START DATA FOR REVIEW

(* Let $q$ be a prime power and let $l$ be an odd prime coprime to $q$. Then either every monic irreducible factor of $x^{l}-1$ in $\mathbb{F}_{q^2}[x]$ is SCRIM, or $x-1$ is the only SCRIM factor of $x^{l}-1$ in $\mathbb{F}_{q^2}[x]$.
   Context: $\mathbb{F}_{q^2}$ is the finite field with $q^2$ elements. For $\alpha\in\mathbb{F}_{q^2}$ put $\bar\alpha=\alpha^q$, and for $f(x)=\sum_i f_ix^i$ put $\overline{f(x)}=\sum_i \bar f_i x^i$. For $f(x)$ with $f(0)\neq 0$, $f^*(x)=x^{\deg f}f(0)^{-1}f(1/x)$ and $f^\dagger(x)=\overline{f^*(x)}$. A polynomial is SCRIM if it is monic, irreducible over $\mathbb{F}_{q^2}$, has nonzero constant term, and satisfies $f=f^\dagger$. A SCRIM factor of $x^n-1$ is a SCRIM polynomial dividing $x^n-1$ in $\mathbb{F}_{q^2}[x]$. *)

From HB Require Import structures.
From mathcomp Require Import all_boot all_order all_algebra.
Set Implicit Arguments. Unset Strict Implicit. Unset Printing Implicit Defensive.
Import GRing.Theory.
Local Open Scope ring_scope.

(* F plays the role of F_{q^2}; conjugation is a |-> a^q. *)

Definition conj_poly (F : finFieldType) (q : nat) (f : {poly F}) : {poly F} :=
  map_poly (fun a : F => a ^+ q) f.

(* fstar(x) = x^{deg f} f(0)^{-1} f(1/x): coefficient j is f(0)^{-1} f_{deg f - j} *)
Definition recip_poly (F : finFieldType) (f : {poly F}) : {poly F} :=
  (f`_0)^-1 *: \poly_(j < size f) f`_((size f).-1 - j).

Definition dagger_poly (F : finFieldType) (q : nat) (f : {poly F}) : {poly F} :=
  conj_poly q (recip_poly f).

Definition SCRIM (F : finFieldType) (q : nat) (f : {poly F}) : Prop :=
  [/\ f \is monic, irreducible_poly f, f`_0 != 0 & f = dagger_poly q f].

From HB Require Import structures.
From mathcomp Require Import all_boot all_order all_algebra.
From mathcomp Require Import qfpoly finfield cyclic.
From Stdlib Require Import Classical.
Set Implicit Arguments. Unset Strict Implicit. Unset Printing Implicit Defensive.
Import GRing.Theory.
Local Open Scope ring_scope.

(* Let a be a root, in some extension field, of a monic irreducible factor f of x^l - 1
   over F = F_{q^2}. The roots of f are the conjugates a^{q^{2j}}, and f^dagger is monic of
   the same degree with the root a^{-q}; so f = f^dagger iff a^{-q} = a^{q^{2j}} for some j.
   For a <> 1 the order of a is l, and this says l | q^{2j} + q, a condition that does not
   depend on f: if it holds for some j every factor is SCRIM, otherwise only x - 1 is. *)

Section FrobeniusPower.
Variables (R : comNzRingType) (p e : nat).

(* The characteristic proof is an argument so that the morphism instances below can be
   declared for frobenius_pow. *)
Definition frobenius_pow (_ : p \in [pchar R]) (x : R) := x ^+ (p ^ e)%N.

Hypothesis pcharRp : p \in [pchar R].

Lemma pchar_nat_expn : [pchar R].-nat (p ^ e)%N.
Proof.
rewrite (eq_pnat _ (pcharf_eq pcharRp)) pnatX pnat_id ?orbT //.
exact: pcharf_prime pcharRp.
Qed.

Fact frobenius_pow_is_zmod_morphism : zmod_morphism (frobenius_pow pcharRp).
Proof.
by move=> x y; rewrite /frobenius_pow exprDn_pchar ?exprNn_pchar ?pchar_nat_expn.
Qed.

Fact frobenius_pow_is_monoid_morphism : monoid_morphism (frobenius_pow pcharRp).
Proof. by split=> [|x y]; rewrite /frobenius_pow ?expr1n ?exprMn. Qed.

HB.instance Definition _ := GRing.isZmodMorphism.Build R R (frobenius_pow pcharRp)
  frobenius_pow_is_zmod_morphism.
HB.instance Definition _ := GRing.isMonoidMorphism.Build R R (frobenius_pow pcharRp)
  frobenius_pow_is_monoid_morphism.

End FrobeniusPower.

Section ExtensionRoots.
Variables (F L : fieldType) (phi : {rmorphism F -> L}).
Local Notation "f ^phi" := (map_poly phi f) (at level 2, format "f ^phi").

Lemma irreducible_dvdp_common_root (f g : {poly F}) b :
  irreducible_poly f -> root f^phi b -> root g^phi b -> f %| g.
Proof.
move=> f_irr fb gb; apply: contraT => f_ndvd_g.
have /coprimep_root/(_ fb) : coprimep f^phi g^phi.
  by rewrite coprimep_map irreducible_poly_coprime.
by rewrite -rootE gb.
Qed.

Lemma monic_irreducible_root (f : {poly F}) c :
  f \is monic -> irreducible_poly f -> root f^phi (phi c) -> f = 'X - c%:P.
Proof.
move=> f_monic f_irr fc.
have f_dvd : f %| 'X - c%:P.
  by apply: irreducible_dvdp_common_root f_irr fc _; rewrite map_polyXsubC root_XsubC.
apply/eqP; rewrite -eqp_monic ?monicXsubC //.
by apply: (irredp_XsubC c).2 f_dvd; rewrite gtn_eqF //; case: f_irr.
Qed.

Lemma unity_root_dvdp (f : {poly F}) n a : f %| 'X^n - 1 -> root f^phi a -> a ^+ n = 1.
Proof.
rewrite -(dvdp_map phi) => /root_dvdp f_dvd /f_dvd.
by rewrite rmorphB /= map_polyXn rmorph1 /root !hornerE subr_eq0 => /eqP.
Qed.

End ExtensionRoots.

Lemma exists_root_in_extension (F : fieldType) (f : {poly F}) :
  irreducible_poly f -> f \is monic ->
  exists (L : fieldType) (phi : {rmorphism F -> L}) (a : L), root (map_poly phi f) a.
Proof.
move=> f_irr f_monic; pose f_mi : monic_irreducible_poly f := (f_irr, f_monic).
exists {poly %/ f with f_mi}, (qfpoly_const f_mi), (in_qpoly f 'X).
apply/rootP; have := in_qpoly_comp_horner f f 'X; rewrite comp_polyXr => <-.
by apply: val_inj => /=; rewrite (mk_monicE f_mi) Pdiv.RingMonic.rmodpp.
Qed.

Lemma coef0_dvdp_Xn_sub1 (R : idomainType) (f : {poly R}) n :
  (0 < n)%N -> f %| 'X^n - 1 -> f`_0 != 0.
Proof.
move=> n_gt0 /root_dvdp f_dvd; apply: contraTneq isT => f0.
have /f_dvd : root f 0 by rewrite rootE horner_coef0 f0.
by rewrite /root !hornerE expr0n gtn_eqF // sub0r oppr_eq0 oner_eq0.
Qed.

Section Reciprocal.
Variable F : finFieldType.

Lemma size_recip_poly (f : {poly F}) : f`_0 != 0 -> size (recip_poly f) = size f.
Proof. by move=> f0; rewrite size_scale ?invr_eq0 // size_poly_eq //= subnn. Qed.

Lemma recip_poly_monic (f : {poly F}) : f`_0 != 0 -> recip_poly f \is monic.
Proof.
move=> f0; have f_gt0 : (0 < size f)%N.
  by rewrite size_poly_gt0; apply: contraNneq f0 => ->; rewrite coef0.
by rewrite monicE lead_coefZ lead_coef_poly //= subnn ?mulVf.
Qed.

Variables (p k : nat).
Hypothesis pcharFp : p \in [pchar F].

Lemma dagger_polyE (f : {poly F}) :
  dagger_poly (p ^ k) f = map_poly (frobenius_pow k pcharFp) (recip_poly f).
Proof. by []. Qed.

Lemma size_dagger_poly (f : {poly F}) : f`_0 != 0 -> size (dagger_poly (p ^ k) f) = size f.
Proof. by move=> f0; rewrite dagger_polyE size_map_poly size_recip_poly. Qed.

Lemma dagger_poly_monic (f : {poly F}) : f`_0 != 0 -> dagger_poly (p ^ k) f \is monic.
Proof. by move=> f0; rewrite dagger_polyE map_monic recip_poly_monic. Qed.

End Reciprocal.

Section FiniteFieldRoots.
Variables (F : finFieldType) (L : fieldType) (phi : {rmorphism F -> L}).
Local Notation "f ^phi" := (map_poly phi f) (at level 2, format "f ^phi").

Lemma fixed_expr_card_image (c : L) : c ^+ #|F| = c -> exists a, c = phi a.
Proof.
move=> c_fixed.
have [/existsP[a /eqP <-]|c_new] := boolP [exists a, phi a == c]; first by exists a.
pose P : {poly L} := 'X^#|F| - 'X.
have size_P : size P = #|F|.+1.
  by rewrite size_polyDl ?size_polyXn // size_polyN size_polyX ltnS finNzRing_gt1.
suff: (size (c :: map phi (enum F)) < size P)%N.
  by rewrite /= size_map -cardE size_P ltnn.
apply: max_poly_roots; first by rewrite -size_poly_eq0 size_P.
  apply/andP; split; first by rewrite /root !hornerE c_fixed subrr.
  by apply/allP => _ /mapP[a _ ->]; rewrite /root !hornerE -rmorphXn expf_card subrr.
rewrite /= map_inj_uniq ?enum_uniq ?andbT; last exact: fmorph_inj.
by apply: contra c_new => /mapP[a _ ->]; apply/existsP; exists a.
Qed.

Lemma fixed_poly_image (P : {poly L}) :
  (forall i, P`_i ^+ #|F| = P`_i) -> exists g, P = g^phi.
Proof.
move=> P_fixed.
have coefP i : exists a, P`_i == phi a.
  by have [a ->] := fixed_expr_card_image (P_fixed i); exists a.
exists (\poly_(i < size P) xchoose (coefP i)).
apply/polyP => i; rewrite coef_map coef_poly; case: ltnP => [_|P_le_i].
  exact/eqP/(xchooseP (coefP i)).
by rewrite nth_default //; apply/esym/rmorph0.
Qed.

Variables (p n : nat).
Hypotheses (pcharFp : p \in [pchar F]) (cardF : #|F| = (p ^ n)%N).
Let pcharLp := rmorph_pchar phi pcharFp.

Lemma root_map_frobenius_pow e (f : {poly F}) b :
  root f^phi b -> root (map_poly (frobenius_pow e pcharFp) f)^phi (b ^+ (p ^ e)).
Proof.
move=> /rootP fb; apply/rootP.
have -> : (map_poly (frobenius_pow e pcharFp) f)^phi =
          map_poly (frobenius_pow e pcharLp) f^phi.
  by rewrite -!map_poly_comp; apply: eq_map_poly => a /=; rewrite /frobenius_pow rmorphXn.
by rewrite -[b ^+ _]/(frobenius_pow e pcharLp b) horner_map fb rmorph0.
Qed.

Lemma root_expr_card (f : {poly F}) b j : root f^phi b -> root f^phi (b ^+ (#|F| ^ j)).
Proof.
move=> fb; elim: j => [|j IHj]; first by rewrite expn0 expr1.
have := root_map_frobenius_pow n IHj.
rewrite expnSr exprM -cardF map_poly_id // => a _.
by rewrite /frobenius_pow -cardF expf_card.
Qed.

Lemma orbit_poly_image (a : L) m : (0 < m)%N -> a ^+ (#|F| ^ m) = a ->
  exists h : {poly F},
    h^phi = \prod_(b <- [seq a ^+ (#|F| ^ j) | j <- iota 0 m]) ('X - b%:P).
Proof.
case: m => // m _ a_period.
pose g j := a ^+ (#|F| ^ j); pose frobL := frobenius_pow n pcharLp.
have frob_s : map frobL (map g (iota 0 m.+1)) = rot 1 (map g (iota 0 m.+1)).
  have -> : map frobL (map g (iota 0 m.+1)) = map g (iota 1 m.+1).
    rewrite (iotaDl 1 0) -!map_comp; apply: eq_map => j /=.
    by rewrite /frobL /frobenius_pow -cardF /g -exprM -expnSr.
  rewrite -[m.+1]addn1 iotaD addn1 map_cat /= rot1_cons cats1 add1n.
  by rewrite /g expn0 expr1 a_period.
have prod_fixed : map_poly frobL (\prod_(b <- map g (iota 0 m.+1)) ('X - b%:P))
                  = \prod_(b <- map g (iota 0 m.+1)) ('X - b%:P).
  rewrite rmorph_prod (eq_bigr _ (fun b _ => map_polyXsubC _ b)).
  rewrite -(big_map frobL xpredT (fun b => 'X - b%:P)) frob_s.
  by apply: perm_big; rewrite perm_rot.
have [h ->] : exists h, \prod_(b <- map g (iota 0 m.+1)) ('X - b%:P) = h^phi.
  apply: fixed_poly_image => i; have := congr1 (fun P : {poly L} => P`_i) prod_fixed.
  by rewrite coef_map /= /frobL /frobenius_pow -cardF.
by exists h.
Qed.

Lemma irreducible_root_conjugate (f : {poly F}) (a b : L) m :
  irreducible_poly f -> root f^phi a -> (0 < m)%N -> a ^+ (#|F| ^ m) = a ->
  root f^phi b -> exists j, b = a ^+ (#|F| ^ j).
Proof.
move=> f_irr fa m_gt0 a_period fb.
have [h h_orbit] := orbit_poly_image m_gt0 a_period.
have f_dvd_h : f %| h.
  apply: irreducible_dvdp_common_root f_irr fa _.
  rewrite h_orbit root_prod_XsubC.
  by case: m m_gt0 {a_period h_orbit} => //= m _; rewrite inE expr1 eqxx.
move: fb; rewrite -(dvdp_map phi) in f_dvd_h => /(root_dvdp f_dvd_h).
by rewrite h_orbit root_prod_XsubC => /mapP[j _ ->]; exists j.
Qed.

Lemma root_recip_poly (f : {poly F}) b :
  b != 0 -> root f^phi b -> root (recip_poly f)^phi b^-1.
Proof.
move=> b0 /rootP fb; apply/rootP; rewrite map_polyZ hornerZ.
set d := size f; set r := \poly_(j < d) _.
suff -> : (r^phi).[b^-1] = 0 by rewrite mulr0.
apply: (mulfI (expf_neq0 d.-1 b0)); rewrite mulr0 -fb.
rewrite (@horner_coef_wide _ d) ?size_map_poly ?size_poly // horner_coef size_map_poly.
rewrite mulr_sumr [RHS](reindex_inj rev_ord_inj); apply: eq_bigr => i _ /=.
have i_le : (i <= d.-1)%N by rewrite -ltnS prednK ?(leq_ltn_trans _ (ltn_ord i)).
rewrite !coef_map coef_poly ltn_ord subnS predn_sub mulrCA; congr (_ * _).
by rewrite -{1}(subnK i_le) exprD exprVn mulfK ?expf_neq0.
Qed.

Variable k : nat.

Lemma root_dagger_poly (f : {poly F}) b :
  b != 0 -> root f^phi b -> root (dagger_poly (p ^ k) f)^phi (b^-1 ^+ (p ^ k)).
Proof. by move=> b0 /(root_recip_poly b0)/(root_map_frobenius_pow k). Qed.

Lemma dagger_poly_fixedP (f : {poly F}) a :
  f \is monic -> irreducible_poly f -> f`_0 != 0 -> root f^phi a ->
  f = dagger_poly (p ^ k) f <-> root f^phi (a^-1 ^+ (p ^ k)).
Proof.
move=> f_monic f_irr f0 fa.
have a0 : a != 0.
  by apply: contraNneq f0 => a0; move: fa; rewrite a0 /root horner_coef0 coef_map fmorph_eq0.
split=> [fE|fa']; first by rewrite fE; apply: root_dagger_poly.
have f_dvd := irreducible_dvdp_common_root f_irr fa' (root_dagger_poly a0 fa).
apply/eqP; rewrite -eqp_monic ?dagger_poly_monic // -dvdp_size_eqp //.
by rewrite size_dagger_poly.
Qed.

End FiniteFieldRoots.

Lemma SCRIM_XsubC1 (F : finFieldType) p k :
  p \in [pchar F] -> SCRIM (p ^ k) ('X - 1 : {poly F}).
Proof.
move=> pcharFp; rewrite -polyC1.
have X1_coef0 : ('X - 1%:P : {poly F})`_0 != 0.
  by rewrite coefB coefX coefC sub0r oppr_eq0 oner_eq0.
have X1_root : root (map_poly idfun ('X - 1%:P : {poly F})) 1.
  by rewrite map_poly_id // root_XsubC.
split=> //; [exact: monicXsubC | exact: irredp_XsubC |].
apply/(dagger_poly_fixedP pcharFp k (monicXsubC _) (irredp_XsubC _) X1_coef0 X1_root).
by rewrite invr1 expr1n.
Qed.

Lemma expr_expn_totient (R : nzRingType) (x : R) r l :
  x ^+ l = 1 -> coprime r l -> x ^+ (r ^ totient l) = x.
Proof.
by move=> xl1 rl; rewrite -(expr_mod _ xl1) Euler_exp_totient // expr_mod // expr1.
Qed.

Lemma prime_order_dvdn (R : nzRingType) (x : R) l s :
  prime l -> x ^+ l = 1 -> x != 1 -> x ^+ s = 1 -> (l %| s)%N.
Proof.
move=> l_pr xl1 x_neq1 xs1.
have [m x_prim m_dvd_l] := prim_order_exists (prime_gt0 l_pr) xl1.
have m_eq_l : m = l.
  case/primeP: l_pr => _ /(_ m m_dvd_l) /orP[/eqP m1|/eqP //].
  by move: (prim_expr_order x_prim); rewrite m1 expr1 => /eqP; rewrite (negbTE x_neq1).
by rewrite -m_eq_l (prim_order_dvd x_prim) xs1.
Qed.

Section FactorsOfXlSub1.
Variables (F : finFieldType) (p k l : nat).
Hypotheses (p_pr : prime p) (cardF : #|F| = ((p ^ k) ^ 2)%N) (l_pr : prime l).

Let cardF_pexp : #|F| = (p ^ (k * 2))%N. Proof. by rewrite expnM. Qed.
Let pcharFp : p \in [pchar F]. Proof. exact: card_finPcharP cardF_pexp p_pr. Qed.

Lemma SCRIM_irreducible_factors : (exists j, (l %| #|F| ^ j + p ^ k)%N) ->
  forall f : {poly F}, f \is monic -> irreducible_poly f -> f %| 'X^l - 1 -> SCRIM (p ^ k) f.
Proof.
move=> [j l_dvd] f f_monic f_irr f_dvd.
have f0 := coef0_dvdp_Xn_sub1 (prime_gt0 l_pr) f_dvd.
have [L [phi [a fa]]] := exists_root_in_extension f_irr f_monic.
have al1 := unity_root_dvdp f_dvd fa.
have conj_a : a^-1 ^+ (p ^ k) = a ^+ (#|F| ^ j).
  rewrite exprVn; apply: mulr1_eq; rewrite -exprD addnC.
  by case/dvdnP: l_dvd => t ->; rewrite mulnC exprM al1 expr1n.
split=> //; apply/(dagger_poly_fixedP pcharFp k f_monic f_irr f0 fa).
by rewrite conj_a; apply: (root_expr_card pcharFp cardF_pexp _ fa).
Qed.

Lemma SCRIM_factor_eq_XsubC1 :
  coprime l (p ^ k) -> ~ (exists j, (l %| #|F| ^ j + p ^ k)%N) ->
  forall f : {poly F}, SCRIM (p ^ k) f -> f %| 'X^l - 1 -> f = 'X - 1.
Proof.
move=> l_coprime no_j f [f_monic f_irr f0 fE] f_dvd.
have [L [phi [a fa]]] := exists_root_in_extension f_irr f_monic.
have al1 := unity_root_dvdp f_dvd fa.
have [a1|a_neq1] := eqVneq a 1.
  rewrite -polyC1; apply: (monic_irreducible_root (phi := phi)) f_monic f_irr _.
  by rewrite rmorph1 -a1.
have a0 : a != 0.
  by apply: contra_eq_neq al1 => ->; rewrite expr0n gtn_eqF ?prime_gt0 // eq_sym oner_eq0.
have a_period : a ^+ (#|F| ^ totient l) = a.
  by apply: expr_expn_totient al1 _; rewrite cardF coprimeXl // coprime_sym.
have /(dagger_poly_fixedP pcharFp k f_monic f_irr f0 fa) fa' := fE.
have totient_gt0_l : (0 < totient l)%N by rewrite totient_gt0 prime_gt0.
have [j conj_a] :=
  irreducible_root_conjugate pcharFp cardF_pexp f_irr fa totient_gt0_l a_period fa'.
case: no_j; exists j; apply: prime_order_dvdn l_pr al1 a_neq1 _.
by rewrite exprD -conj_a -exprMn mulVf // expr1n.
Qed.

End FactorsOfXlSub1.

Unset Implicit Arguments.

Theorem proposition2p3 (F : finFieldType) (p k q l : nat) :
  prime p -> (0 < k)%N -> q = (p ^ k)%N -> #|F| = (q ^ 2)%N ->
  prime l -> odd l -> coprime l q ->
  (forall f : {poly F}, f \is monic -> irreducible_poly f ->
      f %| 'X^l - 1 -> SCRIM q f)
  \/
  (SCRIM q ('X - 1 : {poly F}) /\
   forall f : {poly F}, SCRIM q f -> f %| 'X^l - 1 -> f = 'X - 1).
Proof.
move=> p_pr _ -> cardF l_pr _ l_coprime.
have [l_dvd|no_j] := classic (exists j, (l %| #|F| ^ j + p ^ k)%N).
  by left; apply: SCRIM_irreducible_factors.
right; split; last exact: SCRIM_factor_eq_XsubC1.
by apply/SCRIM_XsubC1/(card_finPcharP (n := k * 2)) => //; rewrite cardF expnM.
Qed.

END DATA FOR REVIEW

# [WHAT YOU NEED TO DO]
Only the lines above from the one with "by rewrite /g expn0 expr1 a_period." up to and including the one with "by apply: perm_big; rewrite perm_rot." should be repeated, exactly as written.

# [OUTPUT OF THE EXERCISE]
  by rewrite /g expn0 expr1 a_period.
have prod_fixed : map_poly frobL (\prod_(b <- map g (iota 0 m.+1)) ('X - b%:P))
                  = \prod_(b <- map g (iota 0 m.+1)) ('X - b%:P).
  rewrite rmorph_prod (eq_bigr _ (fun b _ => map_polyXsubC _ b)).
  rewrite -(big_map frobL xpredT (fun b => 'X - b%:P)) frob_s.
  by apply: perm_big; rewrite perm_rot.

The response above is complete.